(Stored data)
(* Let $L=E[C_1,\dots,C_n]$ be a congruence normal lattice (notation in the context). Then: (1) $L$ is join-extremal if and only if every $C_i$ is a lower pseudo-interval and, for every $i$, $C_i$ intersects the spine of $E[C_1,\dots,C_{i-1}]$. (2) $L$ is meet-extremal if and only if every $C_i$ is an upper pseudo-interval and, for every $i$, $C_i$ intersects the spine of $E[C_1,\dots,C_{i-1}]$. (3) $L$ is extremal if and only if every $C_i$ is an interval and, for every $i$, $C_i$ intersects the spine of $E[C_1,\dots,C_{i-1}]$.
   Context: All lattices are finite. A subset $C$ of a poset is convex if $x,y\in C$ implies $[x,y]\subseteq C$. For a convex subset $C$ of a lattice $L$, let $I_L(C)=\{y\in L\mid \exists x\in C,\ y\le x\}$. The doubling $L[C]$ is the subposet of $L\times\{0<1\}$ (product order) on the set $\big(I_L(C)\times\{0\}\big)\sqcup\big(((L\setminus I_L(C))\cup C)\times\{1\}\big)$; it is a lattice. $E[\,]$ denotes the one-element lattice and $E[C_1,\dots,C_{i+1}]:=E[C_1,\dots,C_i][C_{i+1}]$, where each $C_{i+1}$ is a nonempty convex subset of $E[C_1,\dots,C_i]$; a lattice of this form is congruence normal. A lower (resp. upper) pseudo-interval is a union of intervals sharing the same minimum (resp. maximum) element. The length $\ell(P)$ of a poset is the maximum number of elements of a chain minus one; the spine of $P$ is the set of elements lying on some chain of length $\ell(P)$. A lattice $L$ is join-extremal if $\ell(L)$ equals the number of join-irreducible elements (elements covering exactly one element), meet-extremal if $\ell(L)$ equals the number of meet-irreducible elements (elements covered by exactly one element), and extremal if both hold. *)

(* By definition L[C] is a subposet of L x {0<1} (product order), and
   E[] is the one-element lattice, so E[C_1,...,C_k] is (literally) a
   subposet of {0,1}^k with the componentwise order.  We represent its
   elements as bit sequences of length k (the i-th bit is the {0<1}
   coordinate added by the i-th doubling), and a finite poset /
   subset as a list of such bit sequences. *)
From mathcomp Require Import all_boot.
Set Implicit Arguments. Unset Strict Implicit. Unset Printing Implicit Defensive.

§ **Work to complete**:
Write out, word for word, the line containing "We represent its" and all the lines after it in the entries above, and nothing more.

§ **Response to this exercise**:
   subposet of {0,1}^k with the componentwise order.  We represent its
   elements as bit sequences of length k (the i-th bit is the {0<1}
   coordinate added by the i-th doubling), and a finite poset /
   subset as a list of such bit sequences. *)
From mathcomp Require Import all_boot.
Set Implicit Arguments. Unset Strict Implicit. Unset Printing Implicit Defensive.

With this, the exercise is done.